Assignment »
From the records below, please repeat exactly the line that has "have [L_ge0 L_lt] := log2R_bounds n_gt0 n_lt.", the line that has "forall k : nat, INR", and every line between them, and nothing else.

Material supplied »
Lemma consistentP X a : reflect (consistent X a) (consistentb X a).
Proof.
apply: (iffP idP).
  case/and4P=> /eqP y_ok /forallP in_X /forallP match_ /forallP covered; split => //.
  - by move=> x ax; move/implyP: (in_X x); apply; apply/eqP.
  - move=> x y ax ay; move/forallP/(_ y)/implyP: (match_ x); rewrite ax ay eqxx.
    by move=> /(_ isT) /eqP.
  - move=> x xX ax; move/implyP: (covered x); rewrite xX ax eqxx => /(_ isT).
    by case/existsP => y /andP[/eqP ay yx]; exists y.
case=> y_ok in_X match_ covered; apply/and4P; split.
- exact/eqP.
- by apply/forallP => x; apply/implyP => /eqP /in_X.
- apply/forallP => x; apply/forallP => y; apply/implyP => /andP[/eqP ax /eqP ay].
  by rewrite (match_ _ _ ax ay).
- apply/forallP => x; apply/implyP => /andP[xX /eqP ax].
  by have [y [ay yx]] := covered x xX ax; apply/existsP; exists y; rewrite ay eqxx.
Qed.

Definition ncons (a : V -> option bool) :=
  #|[set X : {set 'I_n} | homogeneous e tau X && consistentb X a]|.

Lemma ncons_root : ncons (fun _ => None) = nhom e tau [set: 'I_n].
Proof.
apply: eq_card => X; rewrite !inE subsetT /=.
by case: (homogeneous e tau X) => //=; apply/consistentP; split; case: tau.
Qed.

Lemma upd_some (a : V -> option bool) z b w :
  upd a (Some z) b (Some w) = if w == z then Some b else a (Some w).
Proof. by rewrite /upd (inj_eq (@Some_inj _)). Qed.

Lemma consistent_upd_false X a z : a (Some z) = None -> consistent X a ->
  (z.2 \in X -> exists y, a (Some y) = Some true /\ ((y.1 == z.1) || (y.2 == z.2))) ->
  consistent X (upd a (Some z) false).
Proof.
move=> az [y_ok in_X match_ covered] z_cov.
have true_ne_z y : a (Some y) = Some true -> y != z by apply: contraPneq => ->; rewrite az.
split => //.
- by move=> x; rewrite upd_some; case: (x == z) => //; apply: in_X.
- by move=> x y; rewrite !upd_some; case: (x == z); case: (y == z) => //; apply: match_.
- move=> x xX; rewrite upd_some.
  have [exz _ | xz /(covered x xX) [y [ay yx]]] := eqVneq x z.
  + subst x; have [y [ay yz]] := z_cov xX.
    by exists y; rewrite upd_some (negbTE (true_ne_z _ ay)).
  + by exists y; rewrite upd_some (negbTE (true_ne_z _ ay)).
Qed.

Lemma consistent_upd_true X a z : a (Some z) = None -> consistent X a -> z.2 \in X ->
  (forall y, a (Some y) = Some true -> (y.1 != z.1) && (y.2 != z.2)) ->
  consistent X (upd a (Some z) true).
Proof.
move=> az [y_ok in_X match_ covered] zX z_free.
split => //.
- by move=> x; rewrite upd_some; case: (eqVneq x z) => [-> //|_]; apply: in_X.
- move=> x y; rewrite !upd_some.
  case: (eqVneq x z) => [->|_]; case: (eqVneq y z) => [->|_]; last exact: match_.
  + by rewrite !eqxx.
  + by move=> _ /z_free /andP[/negbTE y1 /negbTE y2]; rewrite eq_sym y1 eq_sym y2.
  + by move=> /z_free /andP[/negbTE x1 /negbTE x2]; rewrite x1 x2.
- move=> x xX; rewrite upd_some; case: (eqVneq x z) => // xz ax.
  have [y [ay yx]] := covered x xX ax; exists y; rewrite upd_some.
  by case: (eqVneq y z) => [yz|//]; rewrite yz az in ay.
Qed.

Lemma consistent_upd X a x : a x = None -> consistent X a ->
  consistent X (upd a x false) \/ consistent X (upd a x true).
Proof.
case: x => [z|] ax consX; last first.
  have : consistent X (upd a None tau) by case: consX; split => //; case: tau.
  by case: tau; [right|left].
have [z_cov | z_free] :=
  boolP ((z.2 \notin X) || [exists y, (a (Some y) == Some true) && ((y.1 == z.1) || (y.2 == z.2))]).
  left; apply: consistent_upd_false => // zX; move: z_cov; rewrite zX /=.
  by case/existsP => y /andP[/eqP ay yz]; exists y.
right; move: z_free; rewrite negb_or negbK => /andP[zX /existsPn z_free].
apply: consistent_upd_true => // y ay; move: (z_free y); rewrite ay eqxx /=.
by rewrite negb_or.
Qed.

Lemma ncons_split a x : a x = None ->
  ncons a <= ncons (upd a x false) + ncons (upd a x true).
Proof.
move=> ax; apply: leq_trans (leq_card_setU _ _); apply: subset_leq_card.
apply/subsetP => X; rewrite !inE => /andP[-> /consistentP consX] /=.
by case: (consistent_upd ax consX) => /consistentP ->; rewrite ?orbT.
Qed.

Lemma ncons_eq0 a : (forall X, homogeneous e tau X -> ~ consistent X a) -> ncons a = 0.
Proof.
move=> incons; apply: eq_card0 => X; rewrite !inE.
by apply/negP => /andP[homX /consistentP]; apply: incons homX.
Qed.

Lemma consistent_edge X a x y : homogeneous e tau X -> consistent X a ->
  a (Some x) = Some true -> a (Some y) = Some true -> x.2 != y.2 -> e x.2 y.2 = tau.
Proof.
move=> /forallP homX [_ in_X _ _] /in_X xX /in_X yX xy.
by move/implyP: (homX x.2) => /(_ xX) /forallP /(_ y.2) /implyP /(_ yX) /implyP /(_ xy) /eqP.
Qed.

Lemma ncons_le1_row a (i : 'I_k) : (forall v, a (Some (i, v)) = Some false) -> ncons a <= 1.
Proof.
move=> row_false.
set matched := [set v | [exists y : 'I_k * 'I_n, (a (Some y) == Some true) && (y.2 == v)]].
rewrite -(cards1 matched); apply: subset_leq_card; apply/subsetP => X.
rewrite !inE => /andP[_ /consistentP [_ in_X _ covered]]; apply/eqP/setP => v.
rewrite inE; apply/idP/existsP => [vX | [y /andP[/eqP ay /eqP <-]]]; last exact: in_X.
have [y [ay /orP[/eqP yi | yv]]] := covered (i, v) vX (row_false v); last first.
  by exists y; rewrite ay eqxx.
by move: ay; rewrite [y]surjective_pairing yi row_false.
Qed.

Lemma ncons_leaf a C : Psi' e C -> falsifies a C -> ncons a <= 1.
Proof.
case=> [[i ->] | [[i [u [v [uv ->]]]] | [[v [i [j [ij ->]]]] |
        [[u [v [i [j [[uv euv ij] ->]]]]] | [u [v [i [j [[uv euv ij] ->]]]]]]]]] fals.
- by apply: ncons_le1_row => v; apply: (fals (Some (i, v), true)); apply/imsetP; exists v.
- have ai : a (Some (i, u)) = Some true by apply: (fals (_, false)); rewrite !inE eqxx.
  have aj : a (Some (i, v)) = Some true by apply: (fals (_, false)); rewrite !inE eqxx orbT.
  rewrite ncons_eq0 // => X _ [_ _ match_ _].
  by move: (match_ _ _ ai aj); rewrite eqxx (negbTE uv).
- have ai : a (Some (i, v)) = Some true by apply: (fals (_, false)); rewrite !inE eqxx.
  have aj : a (Some (j, v)) = Some true by apply: (fals (_, false)); rewrite !inE eqxx orbT.
  rewrite ncons_eq0 // => X _ [_ _ match_ _].
  by move: (match_ _ _ ai aj); rewrite eqxx (negbTE ij).
- have ay : a None = Some false by apply: (fals (_, true)); rewrite !inE eqxx.
  have ai : a (Some (i, u)) = Some true by apply: (fals (_, false)); rewrite !inE eqxx orbT.
  have aj : a (Some (j, v)) = Some true by apply: (fals (_, false)); rewrite !inE eqxx !orbT.
  rewrite ncons_eq0 // => X homX consX; have [y_ok _ _ _] := consX.
  have /= := consistent_edge homX consX ai aj uv.
  by move: y_ok; rewrite ay; case: tau => // _ euvF; rewrite euvF in euv.
- have ay : a None = Some true by apply: (fals (_, false)); rewrite !inE eqxx.
  have ai : a (Some (i, u)) = Some true by apply: (fals (_, false)); rewrite !inE eqxx orbT.
  have aj : a (Some (j, v)) = Some true by apply: (fals (_, false)); rewrite !inE eqxx !orbT.
  rewrite ncons_eq0 // => X homX consX; have [y_ok _ _ _] := consX.
  have /= := consistent_edge homX consX ai aj uv.
  by move: y_ok; rewrite ay; case: tau => // _ euvT; rewrite euvT in euv.
Qed.

End Delayer.

Lemma sq_succ_le_half_sq j : 3 <= j -> j.+1 * j.+1 <= 8 * ((j * j)./2).-1.
Proof. by move=> j3; have := odd_double_half (j * j); rewrite -!muln2; nia. Qed.

Section Estimates.
Local Open Scope R_scope.

Lemma INR_expn2 p : INR (2 ^ p) = 2 ^ p.
Proof. by elim: p => [|p IH] //; rewrite expnS mult_INR IH /=; lra. Qed.

Lemma log2R_bounds (n j : nat) : (0 < n)%N -> (n < 4 ^ j)%N ->
  0 <= log2R (INR n) < 2 * INR j.
Proof.
move=> n_gt0 n_lt.
have ln2_gt0 : 0 < ln 2 by have := ln_lt_2; lra.
have n_ge1 : 1 <= INR n by apply: (le_INR 1); apply/leP.
have ln_n_ge0 : 0 <= ln (INR n).
  case: (Rle_lt_or_eq_dec _ _ n_ge1) => [n_gt1 | <-]; last by rewrite ln_1; lra.
  by rewrite -ln_1; apply/Rlt_le/ln_increasing; lra.
have ln_n_lt : ln (INR n) < INR (2 * j) * ln 2.
  rewrite -ln_pow; last lra.
  apply: ln_increasing; first lra.
  by rewrite -INR_expn2 expnM; apply: lt_INR; apply/ltP.
rewrite mult_INR (_ : INR 2 = 2) in ln_n_lt; last by simpl; lra.
rewrite /log2R (_ : ln (INR 2) = ln 2) //.
have -> : ln (INR n) / ln 2 = ln (INR n) * / ln 2 by [].
have := Rinv_0_lt_compat _ ln2_gt0; have := Rinv_r (ln 2) (Rgt_not_eq _ _ ln2_gt0).
split; nra.
Qed.

Lemma Rpower_mul_log2R (x y : R) : 0 < x ->
  Rpower x (y * log2R x) = Rpower 2 (y * log2R x * log2R x).
Proof.
move=> x_gt0; have ln2_gt0 : 0 < ln 2 by have := ln_lt_2; lra.
rewrite /Rpower /log2R (_ : ln (INR 2) = ln 2) //; congr exp; field; lra.
Qed.

(* [n^(log2 n / 32)] is [2^(log2(n)^2 / 32)] and [log2 n < 2 (j + 1)]. *)
Lemma Rpower_log2R_le (n j m : nat) : (0 < n)%N -> (n < 4 ^ j.+1)%N ->
  (j.+1 * j.+1 <= 8 * m)%N -> Rpower (INR n) (/ 32 * log2R (INR n)) <= INR (2 ^ m).
Proof.
move=> n_gt0 n_lt jm.
have [L_ge0 L_lt] := log2R_bounds n_gt0 n_lt.
have {}jm : INR j.+1 * INR j.+1 <= 8 * INR m.
  by rewrite -mult_INR (_ : 8 = INR 8); [rewrite -mult_INR; apply/le_INR/leP | simpl; lra].
rewrite Rpower_mul_log2R; last by apply: lt_0_INR; apply/ltP.
rewrite INR_expn2 -Rpower_pow; last lra.
apply: Rle_Rpower; first lra.
set L := log2R (INR n) in L_ge0 L_lt *; nra.
Qed.

End Estimates.

Theorem mainTheorem3 :
  forall c : R, Rlt R0 c ->
  exists eps : R, Rlt R0 eps /\
  exists N : nat, forall n : nat, (N <= n)%N ->
  forall e : rel 'I_n, symmetric e -> irreflexive e ->
  forall k : nat, INR k = Rmult c (log2R (INR n)) ->
  ramsey e k ->
  forall P : derivation (pvar k n),
  treelike_refutation (Psi' e) P ->
  Rle (Rpower (INR n) (Rmult eps (log2R (INR n)))) (INR (size P)).
Proof.
move=> c _; exists (Rinv (IZR 32)); split; first lra.
exists 64 => n n_ge e e_sym _ k _ _ P treeP.
set j := trunc_log 4 n.
have j_le : 4 ^ j <= n by apply: trunc_logP; lia.
have n_lt : n < 4 ^ j.+1 by apply: trunc_log_ltn.
have j_ge3 : 3 <= j by apply: trunc_log_max.
have := sq_succ_le_half_sq j_ge3.
have [b] := exists_many_homogeneous e_sym j_le.
move: (j * j)./2 => m many jm.
have := treelike_refutation_size treeP (@ncons_split n k e b) (@ncons_leaf n k e b).
rewrite ncons_root => size_ge.
have size_ge' : 2 ^ m.-1 <= size P.
  have m_gt0 : 0 < m by lia.
  have : 2 ^ m = 2 * 2 ^ m.-1 by rewrite -expnS prednK.
  by have := expn_gt0 2 m.-1; lia.
apply: Rle_trans (Rpower_log2R_le _ n_lt jm) _; first lia.
by apply/le_INR/leP.
Qed.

Solution to this exercise »
have [L_ge0 L_lt] := log2R_bounds n_gt0 n_lt.
have {}jm : INR j.+1 * INR j.+1 <= 8 * INR m.
  by rewrite -mult_INR (_ : 8 = INR 8); [rewrite -mult_INR; apply/le_INR/leP | simpl; lra].
rewrite Rpower_mul_log2R; last by apply: lt_0_INR; apply/ltP.
rewrite INR_expn2 -Rpower_pow; last lra.
apply: Rle_Rpower; first lra.
set L := log2R (INR n) in L_ge0 L_lt *; nra.
Qed.

End Estimates.

Theorem mainTheorem3 :
  forall c : R, Rlt R0 c ->
  exists eps : R, Rlt R0 eps /\
  exists N : nat, forall n : nat, (N <= n)%N ->
  forall e : rel 'I_n, symmetric e -> irreflexive e ->
  forall k : nat, INR k = Rmult c (log2R (INR n)) ->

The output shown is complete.